• _Exercise instructions_
Check each line of the records below and collect those holding "Definition".

• _Records shown_
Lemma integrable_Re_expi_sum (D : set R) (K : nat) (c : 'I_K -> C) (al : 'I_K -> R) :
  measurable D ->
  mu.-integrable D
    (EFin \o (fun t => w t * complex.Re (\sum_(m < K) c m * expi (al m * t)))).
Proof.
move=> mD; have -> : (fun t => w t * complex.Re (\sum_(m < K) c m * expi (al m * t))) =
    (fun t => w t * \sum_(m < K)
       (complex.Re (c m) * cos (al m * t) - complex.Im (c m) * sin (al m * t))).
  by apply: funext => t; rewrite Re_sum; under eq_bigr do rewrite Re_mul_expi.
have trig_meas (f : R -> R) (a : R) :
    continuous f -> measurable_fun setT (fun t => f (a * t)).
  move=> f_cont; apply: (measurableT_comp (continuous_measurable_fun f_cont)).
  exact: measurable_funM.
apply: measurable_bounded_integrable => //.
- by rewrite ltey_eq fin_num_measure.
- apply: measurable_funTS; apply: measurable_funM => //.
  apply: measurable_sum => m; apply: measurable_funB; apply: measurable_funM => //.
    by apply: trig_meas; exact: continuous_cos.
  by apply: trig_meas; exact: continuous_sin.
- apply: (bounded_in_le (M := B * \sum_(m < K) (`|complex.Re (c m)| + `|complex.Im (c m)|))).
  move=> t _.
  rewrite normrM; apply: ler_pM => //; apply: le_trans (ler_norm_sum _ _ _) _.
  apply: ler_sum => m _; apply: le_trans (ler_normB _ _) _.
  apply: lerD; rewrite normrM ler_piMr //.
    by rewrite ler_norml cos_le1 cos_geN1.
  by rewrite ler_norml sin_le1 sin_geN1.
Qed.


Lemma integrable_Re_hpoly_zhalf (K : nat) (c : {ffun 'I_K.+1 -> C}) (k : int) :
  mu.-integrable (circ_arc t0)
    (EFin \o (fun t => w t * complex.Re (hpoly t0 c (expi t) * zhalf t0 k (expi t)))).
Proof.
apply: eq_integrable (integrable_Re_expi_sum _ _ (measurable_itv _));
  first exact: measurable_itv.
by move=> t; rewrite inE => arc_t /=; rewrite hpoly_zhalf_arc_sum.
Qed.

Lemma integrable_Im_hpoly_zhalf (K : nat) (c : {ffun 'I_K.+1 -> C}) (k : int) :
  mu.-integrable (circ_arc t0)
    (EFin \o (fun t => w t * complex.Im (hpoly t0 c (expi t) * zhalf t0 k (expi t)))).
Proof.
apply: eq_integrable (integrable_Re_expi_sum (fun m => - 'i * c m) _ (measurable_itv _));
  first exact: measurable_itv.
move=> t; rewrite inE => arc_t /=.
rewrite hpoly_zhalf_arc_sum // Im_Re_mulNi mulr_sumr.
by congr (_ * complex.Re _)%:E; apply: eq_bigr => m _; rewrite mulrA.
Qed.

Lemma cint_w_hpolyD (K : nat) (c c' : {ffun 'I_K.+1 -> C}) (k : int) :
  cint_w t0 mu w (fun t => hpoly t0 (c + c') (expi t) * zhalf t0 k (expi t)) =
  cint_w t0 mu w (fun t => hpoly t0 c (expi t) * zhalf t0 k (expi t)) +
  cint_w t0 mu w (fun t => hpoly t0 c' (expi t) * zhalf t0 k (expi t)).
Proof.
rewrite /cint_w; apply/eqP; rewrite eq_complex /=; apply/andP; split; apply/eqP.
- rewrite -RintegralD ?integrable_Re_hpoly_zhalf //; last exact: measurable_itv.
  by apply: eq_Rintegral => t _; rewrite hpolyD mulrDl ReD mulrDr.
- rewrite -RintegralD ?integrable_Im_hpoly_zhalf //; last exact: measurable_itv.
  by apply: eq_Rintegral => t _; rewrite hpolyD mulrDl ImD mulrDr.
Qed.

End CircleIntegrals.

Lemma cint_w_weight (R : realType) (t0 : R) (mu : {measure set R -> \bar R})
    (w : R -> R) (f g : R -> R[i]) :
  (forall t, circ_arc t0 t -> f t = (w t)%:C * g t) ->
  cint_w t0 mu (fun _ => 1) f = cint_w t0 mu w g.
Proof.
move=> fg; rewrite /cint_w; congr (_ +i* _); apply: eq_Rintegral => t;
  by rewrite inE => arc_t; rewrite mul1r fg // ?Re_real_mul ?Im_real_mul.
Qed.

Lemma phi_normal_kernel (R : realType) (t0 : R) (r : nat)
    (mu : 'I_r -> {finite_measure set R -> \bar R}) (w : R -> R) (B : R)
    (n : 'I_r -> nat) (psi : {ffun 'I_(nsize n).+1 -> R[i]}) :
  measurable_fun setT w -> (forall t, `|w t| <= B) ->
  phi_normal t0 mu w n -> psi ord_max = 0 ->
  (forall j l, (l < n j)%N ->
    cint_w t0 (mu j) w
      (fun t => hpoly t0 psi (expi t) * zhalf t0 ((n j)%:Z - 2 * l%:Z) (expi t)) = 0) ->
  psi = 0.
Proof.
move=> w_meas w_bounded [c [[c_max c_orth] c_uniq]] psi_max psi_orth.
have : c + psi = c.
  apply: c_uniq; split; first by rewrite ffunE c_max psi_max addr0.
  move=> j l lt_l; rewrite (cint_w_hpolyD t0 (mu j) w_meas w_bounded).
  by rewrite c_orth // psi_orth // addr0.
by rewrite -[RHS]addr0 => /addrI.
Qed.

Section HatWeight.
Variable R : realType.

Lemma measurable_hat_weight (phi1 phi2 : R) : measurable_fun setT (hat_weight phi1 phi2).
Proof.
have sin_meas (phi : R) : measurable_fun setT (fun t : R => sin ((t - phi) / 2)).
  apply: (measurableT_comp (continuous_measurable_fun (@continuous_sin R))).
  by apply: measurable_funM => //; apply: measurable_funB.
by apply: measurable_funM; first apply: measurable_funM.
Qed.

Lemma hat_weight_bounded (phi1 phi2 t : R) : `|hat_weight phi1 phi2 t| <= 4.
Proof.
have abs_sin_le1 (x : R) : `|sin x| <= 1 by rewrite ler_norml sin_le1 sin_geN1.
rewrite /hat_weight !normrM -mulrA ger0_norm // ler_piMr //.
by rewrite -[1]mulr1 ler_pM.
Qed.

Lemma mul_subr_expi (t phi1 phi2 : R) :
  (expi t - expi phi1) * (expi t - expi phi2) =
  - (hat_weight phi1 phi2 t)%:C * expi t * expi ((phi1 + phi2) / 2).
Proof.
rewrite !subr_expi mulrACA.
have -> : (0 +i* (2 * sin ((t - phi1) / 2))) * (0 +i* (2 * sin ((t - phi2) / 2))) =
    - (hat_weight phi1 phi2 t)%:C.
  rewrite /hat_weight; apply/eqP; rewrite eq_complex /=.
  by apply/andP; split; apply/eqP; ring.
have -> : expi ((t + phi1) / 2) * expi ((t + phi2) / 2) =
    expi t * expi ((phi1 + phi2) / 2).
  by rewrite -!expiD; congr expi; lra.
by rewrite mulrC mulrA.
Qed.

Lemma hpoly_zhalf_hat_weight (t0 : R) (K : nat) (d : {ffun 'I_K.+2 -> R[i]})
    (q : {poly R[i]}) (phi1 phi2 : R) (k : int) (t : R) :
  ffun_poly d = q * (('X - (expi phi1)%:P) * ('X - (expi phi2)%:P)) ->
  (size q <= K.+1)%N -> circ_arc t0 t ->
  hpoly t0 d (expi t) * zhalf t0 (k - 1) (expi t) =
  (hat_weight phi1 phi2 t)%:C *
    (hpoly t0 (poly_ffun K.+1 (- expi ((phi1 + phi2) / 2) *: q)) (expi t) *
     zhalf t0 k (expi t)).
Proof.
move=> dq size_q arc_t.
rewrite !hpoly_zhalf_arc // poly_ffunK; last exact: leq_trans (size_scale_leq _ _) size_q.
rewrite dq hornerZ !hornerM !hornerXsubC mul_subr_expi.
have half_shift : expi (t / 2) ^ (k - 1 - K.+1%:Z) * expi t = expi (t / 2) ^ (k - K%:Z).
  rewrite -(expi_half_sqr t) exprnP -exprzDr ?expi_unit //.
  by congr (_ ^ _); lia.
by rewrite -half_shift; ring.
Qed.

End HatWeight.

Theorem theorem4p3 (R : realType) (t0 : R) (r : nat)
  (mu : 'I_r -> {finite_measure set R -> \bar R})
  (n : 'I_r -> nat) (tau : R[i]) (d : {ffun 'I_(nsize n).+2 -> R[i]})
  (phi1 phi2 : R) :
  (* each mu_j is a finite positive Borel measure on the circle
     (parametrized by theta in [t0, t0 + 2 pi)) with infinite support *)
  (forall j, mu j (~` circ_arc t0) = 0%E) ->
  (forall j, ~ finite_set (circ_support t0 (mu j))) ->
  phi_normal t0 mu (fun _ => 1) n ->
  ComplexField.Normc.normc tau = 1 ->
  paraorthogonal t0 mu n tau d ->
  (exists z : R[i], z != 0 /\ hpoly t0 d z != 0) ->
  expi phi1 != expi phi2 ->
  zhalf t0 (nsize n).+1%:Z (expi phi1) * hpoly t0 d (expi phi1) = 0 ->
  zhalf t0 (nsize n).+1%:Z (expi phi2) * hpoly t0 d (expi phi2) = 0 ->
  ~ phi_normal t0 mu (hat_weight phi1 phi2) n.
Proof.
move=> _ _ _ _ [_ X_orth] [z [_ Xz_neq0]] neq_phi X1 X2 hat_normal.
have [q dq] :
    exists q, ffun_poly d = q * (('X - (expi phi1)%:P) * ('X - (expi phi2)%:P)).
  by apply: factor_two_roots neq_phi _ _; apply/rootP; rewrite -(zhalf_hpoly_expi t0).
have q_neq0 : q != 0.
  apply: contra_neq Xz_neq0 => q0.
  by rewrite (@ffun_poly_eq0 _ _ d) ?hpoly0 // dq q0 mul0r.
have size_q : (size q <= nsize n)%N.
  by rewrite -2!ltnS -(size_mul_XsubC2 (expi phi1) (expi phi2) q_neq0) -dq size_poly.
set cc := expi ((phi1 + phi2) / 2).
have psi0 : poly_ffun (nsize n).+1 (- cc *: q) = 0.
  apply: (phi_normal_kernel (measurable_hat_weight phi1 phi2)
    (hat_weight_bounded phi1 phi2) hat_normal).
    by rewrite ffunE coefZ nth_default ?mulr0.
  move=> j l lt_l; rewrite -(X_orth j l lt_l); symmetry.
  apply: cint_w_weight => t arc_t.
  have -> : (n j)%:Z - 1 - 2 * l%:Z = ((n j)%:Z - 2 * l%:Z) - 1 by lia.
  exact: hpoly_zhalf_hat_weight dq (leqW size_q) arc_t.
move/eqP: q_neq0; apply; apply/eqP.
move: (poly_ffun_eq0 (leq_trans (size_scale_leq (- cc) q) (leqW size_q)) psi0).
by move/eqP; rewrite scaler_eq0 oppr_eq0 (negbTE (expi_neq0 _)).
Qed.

* * *

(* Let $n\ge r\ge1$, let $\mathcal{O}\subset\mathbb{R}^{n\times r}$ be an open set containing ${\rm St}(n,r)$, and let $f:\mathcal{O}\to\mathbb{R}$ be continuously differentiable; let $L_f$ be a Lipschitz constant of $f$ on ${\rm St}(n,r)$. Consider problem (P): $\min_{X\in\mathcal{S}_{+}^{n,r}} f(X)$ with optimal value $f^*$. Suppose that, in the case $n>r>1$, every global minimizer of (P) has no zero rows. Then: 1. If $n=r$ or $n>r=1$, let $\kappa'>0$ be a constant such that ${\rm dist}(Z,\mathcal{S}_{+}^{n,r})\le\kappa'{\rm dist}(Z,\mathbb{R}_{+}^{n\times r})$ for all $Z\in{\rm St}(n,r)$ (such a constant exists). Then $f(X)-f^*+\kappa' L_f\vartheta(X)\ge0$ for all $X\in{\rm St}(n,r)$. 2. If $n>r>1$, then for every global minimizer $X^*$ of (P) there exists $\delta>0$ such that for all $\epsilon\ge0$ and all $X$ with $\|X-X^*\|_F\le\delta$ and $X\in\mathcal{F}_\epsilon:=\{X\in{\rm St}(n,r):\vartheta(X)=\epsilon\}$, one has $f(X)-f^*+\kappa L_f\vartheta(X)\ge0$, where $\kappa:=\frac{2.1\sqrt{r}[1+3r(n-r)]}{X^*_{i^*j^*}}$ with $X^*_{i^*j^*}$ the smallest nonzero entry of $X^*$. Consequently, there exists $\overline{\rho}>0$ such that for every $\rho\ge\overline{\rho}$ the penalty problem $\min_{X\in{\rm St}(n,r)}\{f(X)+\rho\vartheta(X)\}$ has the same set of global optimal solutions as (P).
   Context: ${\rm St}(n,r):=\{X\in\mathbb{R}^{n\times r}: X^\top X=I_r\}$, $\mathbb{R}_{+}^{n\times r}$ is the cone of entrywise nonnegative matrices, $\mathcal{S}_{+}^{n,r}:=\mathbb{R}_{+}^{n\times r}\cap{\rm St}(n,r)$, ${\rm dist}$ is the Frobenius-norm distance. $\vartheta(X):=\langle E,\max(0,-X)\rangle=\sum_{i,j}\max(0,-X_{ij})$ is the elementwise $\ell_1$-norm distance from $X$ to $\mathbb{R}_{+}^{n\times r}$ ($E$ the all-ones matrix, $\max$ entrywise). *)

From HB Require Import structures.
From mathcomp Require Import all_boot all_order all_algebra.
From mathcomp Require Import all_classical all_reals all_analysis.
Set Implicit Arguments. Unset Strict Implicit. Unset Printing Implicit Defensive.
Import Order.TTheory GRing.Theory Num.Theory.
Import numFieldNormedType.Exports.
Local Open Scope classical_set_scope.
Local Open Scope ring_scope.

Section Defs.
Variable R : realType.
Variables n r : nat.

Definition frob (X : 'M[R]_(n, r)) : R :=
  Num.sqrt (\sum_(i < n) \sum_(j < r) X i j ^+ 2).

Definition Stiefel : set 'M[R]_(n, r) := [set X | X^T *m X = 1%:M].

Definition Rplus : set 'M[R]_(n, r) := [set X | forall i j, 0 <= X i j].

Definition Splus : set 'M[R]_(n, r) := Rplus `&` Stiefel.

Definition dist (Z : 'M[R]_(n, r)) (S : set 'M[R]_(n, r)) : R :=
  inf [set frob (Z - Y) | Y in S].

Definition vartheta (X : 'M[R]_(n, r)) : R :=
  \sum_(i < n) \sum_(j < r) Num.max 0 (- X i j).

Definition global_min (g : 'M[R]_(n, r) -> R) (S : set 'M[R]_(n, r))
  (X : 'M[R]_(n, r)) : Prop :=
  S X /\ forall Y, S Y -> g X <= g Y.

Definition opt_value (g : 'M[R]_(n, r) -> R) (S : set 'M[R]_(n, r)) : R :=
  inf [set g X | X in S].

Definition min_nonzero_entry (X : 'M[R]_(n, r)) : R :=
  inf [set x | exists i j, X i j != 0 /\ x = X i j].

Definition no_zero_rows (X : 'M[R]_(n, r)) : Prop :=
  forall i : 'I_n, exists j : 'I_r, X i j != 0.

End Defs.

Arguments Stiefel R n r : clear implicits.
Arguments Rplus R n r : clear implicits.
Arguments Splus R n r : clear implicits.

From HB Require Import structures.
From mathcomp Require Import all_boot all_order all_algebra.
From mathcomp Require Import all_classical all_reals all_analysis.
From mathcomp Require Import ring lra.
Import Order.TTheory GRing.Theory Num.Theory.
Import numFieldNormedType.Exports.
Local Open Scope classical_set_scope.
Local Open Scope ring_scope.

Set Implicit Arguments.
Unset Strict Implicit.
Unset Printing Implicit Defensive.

---

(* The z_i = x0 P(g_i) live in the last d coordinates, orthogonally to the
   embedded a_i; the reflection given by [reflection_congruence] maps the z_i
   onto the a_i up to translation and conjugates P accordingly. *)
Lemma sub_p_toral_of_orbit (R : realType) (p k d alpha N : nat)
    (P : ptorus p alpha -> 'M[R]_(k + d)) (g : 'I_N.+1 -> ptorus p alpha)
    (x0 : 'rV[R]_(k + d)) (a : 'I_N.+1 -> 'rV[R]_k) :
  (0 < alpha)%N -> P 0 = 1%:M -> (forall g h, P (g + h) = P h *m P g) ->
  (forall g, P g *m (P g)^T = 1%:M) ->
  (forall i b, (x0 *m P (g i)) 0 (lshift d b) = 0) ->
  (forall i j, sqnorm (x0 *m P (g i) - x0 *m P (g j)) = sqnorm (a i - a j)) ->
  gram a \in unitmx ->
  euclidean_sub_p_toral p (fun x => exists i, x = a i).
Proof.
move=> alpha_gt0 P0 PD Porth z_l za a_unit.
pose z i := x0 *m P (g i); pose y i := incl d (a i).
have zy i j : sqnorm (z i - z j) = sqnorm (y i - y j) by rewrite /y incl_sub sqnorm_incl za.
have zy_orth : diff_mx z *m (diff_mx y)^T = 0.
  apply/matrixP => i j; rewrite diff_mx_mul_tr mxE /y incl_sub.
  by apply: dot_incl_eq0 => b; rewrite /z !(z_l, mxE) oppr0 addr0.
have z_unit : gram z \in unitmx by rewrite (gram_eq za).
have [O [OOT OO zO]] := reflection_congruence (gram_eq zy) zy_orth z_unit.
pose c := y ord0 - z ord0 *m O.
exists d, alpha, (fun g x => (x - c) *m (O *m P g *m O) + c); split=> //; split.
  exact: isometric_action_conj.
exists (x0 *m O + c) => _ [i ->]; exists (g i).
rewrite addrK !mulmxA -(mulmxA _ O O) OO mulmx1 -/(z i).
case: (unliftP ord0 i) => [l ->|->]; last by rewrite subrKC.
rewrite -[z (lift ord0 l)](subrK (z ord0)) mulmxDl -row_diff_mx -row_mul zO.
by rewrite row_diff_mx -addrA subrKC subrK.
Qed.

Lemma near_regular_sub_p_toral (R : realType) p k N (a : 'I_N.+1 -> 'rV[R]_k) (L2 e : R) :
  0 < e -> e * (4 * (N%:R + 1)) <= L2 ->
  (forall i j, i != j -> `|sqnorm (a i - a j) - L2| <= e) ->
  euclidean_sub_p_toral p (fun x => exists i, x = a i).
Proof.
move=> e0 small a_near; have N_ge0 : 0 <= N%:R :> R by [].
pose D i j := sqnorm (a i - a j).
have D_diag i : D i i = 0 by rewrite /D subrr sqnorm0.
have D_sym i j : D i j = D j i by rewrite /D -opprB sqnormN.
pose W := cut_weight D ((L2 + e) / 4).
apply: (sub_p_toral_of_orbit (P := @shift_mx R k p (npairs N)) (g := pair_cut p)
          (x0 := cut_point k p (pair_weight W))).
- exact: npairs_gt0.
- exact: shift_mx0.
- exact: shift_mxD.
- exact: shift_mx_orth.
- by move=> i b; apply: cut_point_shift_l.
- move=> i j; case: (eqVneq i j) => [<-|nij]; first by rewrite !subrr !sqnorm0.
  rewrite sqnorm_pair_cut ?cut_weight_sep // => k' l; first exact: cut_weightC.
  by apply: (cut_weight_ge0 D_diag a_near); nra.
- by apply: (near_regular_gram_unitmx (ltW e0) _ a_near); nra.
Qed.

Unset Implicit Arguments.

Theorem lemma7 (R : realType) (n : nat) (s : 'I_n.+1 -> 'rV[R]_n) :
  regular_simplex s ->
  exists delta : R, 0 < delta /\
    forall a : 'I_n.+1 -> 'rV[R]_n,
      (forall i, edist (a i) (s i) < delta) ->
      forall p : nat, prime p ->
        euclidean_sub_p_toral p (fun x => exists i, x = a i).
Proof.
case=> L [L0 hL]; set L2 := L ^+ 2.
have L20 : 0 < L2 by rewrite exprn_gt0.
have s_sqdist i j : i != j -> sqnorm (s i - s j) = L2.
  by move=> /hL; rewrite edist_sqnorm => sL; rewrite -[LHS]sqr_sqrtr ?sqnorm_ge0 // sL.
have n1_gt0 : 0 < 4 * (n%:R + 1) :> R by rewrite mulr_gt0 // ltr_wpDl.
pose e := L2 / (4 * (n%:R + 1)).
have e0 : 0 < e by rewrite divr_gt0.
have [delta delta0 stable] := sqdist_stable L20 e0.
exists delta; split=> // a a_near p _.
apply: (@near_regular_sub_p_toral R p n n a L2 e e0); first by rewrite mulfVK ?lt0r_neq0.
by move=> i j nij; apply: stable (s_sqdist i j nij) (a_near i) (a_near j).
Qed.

• _Solution to this exercise_
Definition frob (X : 'M[R]_(n, r)) : R :=
Definition Stiefel : set 'M[R]_(n, r) := [set X | X^T *m X = 1%:M].
Definition Rplus : set 'M[R]_(n, r) := [set X | forall i j, 0 <= X i j].
Definition Splus : set 'M[R]_(n, r) := Rplus `&` Stiefel.
Definition dist (Z : 'M[R]_(n, r)) (S : set 'M[R]_(n, r)) : R :=
Definition vartheta (X : 'M[R]_(n, r)) : R :=
Definition global_min (g : 'M[R]_(n, r) -> R) (S : set 'M[R]_(n, r))
Definition opt_value (g : 'M[R]_(n, r) -> R) (S : set 'M[R]_(n, r)) : R :=
Definition min_nonzero_entry (X : 'M[R]_(n, r)) : R :=
Definition no_zero_rows (X : 'M[R]_(n, r)) : Prop :=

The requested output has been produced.